Alabama congressional members sent a letter to CMS Administrator Seema Verma on Friday to support the HHS' Office of Inspector General's recommendation to overhaul the wage index, something lawmakers say has jeopardized the state's rural hospitals.
The letter, which was signed by U.S. Senators Richard Shelby (D-Ala.) and Doug Jones (D-Ala.) along with U.S. Representatives Robert Aderholt (R-Ala), Mike Rogers, (R-Ala.), Mo Brooks (R-Ala.), Martha Roby (R-Ala.), Terri Sewell (D-Ala.), Bradley Byrne (R-Ala.) and Gary Palmer (R-Ala.), said that the wage index "is a fundamentally flawed and administratively burdensome system" that is negatively impacting the Alabama healthcare system. Legislators asked Verma to revamp the index as the CMS finalizes the proposed Inpatient Prospective Payment System rule in fiscal year 2020.
"Most recently, Georgiana Medical Center in Georgiana, Alabama, announced its plans to close, making it the thirteenth hospital in our state to close since 2011," the letter reads. "If left unaddressed, many more hospitals in Alabama could follow suit, and the wage index will continue to be a major contributor."
The index pulls wage, associated hour and wage-related cost data from hospitals' Medicare cost reports to set payments to hospitals. It also factors in the cost of living as it sets market-based payments, which means a larger hospital would impact an area's wage index more than a smaller facility.
That framework is flawed, resulting in at least $140.5 million in overpayments to 272 hospitals from 2014 to 2017, the OIG found.
Modern Healthcare examined the state of rural healthcare and Alabama's struggle to keep its rural hospitals open. Many are overleveraged as they face lower occupancy levels and higher operating costs.

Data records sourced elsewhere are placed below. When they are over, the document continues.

(* With D = q m + s and 1 <= s <= m, w D <= z^(q m) W, and (y/z)^(q m) eventually beats
   W / min(1,y)^m. *)
Lemma submult_eventually_le_pow m z y :
  (1 <= m)%nat -> 0 < z < y -> w m <= z ^ m ->
  exists D0, forall D, (D0 <= D)%nat -> w D <= y ^ D.
Proof.
  intros Hm Hzy Hwm.
  set (W := sum_f_R0 w m + 1).
  assert (HW : forall s, (1 <= s <= m)%nat -> w s <= W).
  { intros s Hs. pose proof (sum_f_R0_ge_term w s m w_ge0 ltac:(lia)). unfold W; lra. }
  set (c := Rmin 1 y ^ m).
  assert (Hmin : 0 < Rmin 1 y) by (apply Rmin_pos; lra).
  assert (Hc : 0 < c) by (apply pow_lt; auto).
  assert (Hys : forall s, (s <= m)%nat -> c <= y ^ s).
  { intros s Hs. eapply Rle_trans.
    - apply pow_le_pow_le1; eauto. split; auto. apply Rmin_l.
    - apply pow_incr. split; [lra|apply Rmin_r]. }
  set (lam := y / z).
  assert (Hlam : 1 < lam) by (apply Rmult_lt_reg_r with z; [lra|]; unfold lam; field_simplify; lra).
  destruct (Pow_x_infinity lam ltac:(rewrite Rabs_right; lra) (W / c)) as [Q HQ].
  exists (Q * m + m)%nat. intros D HD.
  set (q := ((D - 1) / m)%nat). set (s := ((D - 1) mod m + 1)%nat).
  pose proof (Nat.div_mod_eq (D - 1) m). pose proof (Nat.mod_upper_bound (D - 1) m ltac:(lia)).
  assert (Hs : (1 <= s <= m)%nat) by (unfold s; lia).
  assert (HqQ : (Q <= q)%nat) by (apply Nat.div_le_lower_bound; nia).
  assert (HDe : D = (q * m + s)%nat) by (unfold s, q in *; lia).
  rewrite HDe. eapply Rle_trans. apply (submult_iter_bound m z W); auto; lra.
  specialize (HQ (q * m)%nat ltac:(nia)).
  rewrite Rabs_right in HQ by (apply Rle_ge, pow_le; lra).
  assert (Hy : y = z * lam) by (unfold lam; field; lra).
  assert (W <= lam ^ (q * m) * c).
  { apply Rmult_le_reg_r with (/ c). apply Rinv_0_lt_compat; auto.
    rewrite Rmult_assoc, Rinv_r by lra. unfold Rdiv in HQ. lra. }
  pose proof (pow_le z (q * m) ltac:(lra)). pose proof (pow_le lam (q * m) ltac:(lra)).
  specialize (Hys s ltac:(lia)).
  rewrite pow_add.
  replace (y ^ (q * m)) with (z ^ (q * m) * lam ^ (q * m)) by (rewrite Hy, Rpow_mult_distr; auto).
  rewrite Rmult_assoc. apply Rmult_le_compat_l; auto.
  apply Rle_trans with (lam ^ (q * m) * c); auto. apply Rmult_le_compat_l; auto.
Qed.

The CMS lacks the authority to penalize hospitals that submit inaccurate wage data and Medicare administrative contractors' limited reviews don't always catch incorrect data, the report revealed. The wage index's rural floor and hold-harmless provisions decrease the tool's accuracy, the agency said.
Although the system is budget-neutral, which means that Medicare isn't overspending, some hospitals incorrectly receive too much money while others collect too little. Notably, that $140.5 million sum only reflects the findings of the agency's last five reports.

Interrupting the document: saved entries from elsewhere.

Lemma near_preimg_symdiff (U : set X) : measurable U ->
  forall y (eps : R), 0 < eps ->
  \forall g \near y, fmu (symdiff (preimg (T g) U) (preimg (T y) U)) < eps.
Proof.
move=> mU; apply: (@near_symdiff_of_continuous (fun g => preimg (T g) U) (fmu U)).
- by move=> g; exact (measurable_preimg (action_in_Aut g) mU).
- by move=> g; rewrite (fmu_preimg (action_in_Aut g)).
move=> B mB.
have -> : (fun g => fmu (preimg (T g) U `&` B)) = fun g => fmu (img (T g) B `&` U).
  by apply: funext => g; rewrite (fmu_preimgI (action_in_Aut g)) // setIC.
by case: hT => _ _; exact.
Qed.

End ContinuousActions.

Section DenseFamily.
Context {R : realType} {d : measure_display} {X : measurableType d}.
Variable mu : probability X R.
Local Notation fmu := (fmu mu).
Variable A : nat -> set X.
Hypothesis mA : forall i, measurable (A i).
Hypothesis Adense : forall B : set X, measurable B -> forall eps : R, 0 < eps ->
  exists i, (mu (symdiff (A i) B) < eps%:E)%E.

Lemma dense_approx (B : set X) eps : measurable B -> 0 < eps ->
  exists j, fmu (symdiff B (A j)) < eps.
Proof.
move=> mB eps0; have [j Aj] := Adense mB eps0; exists j.
by rewrite symdiffC -lte_fin -fmuE //; exact: measurable_symdiff.
Qed.

Definition pair_approx (eps : R) (t : inv_map X) (l : nat) (jj : nat * nat) :=
  fmu (symdiff (img t (A l)) (A jj.1)) < eps /\
  fmu (symdiff (preimg t (A l)) (A jj.2)) < eps.

Lemma pair_approx_close eps t s l jj : in_Aut mu t -> in_Aut mu s ->
  pair_approx eps t l jj -> pair_approx eps s l jj ->
  fmu (symdiff (img t (A l)) (img s (A l))) < 2 * eps /\
  fmu (symdiff (preimg t (A l)) (preimg s (A l))) < 2 * eps.
Proof.
move=> ht hs [t1 t2] [s1 s2]; split.
- apply: le_lt_trans (fmu_symdiff_trans mu (measurable_img ht (mA l))
    (mA jj.1) (measurable_img hs (mA l))) _.
  by rewrite (symdiffC (A _)); lra.
- apply: le_lt_trans (fmu_symdiff_trans mu (measurable_preimg ht (mA l))
    (mA jj.2) (measurable_preimg hs (mA l))) _.
  by rewrite (symdiffC (A _)); lra.
Qed.

Lemma near_pair_approx {G : topologicalType} (mul : G -> G -> G)
    (T : G -> inv_map X) (eps : R) (N : nat) (y : G) :
  is_action mul mu T -> 0 < eps ->
  exists js : seq (nat * nat),
    \forall g \near y, forall l, (l < N)%N -> pair_approx eps (T g) l (nth (0, 0)%N js l).
Proof.
move=> hT eps0; have eps20 : 0 < eps / 2 by rewrite divr_gt0.
have Ty := action_in_Aut hT y.
suff [js [<- hjs]] : exists js : seq (nat * nat), size js = N /\
    \forall g \near y, forall l, (l < size js)%N ->
      pair_approx eps (T g) l (nth (0, 0)%N js l).
  by exists js.
elim: N => [|N [js [sjs hjs]]]; first by exists [::]; split => //; apply: nearW.
have [j1 Aj1] := dense_approx (measurable_img Ty (mA N)) eps20.
have [j2 Aj2] := dense_approx (measurable_preimg Ty (mA N)) eps20.
exists (rcons js (j1, j2)); split; first by rewrite size_rcons sjs.
have near1 := near_img_symdiff hT (mA N) y eps20.
have near2 := near_preimg_symdiff hT (mA N) y eps20.
near=> g; have Tg := action_in_Aut hT g.
have old : forall l, (l < size js)%N -> pair_approx eps (T g) l (nth (0, 0)%N js l).
  by near: g.
have c1 : fmu (symdiff (img (T g) (A N)) (img (T y) (A N))) < eps / 2 by near: g.
have c2 : fmu (symdiff (preimg (T g) (A N)) (preimg (T y) (A N))) < eps / 2 by near: g.
move=> l; rewrite size_rcons nth_rcons ltnS leq_eqVlt sjs.
case: ltngtP => [lN _|//|-> _]; first by apply: old; rewrite sjs.
split.
- apply: le_lt_trans (fmu_symdiff_trans mu (measurable_img Tg (mA N))
    (measurable_img Ty (mA N)) (mA j1)) _.
  lra.
- apply: le_lt_trans (fmu_symdiff_trans mu (measurable_preimg Tg (mA N))
    (measurable_preimg Ty (mA N)) (mA j2)) _.
  lra.
Unshelve. all: by end_near.
Qed.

Alabama has been acutely impacted, Danne Howard, chief policy officer at the Alabama Hospital Association, told Modern Healthcare in November. The median rural hospital in Alabama operated at a negative 12.2% margin in 2016 and 88% were losing money. The wage index and number of uninsured in the state, which didn't expand Medicaid, are the two biggest contributing factors, she said.
Without comprehensive reform, which is the OIG's top suggestion, Alabama residents will lose access to care, Howard said.
"It will cause more closures, some of which are imminent," she said. "It's probably the most fragile of situations I have seen in my 23 years at the association."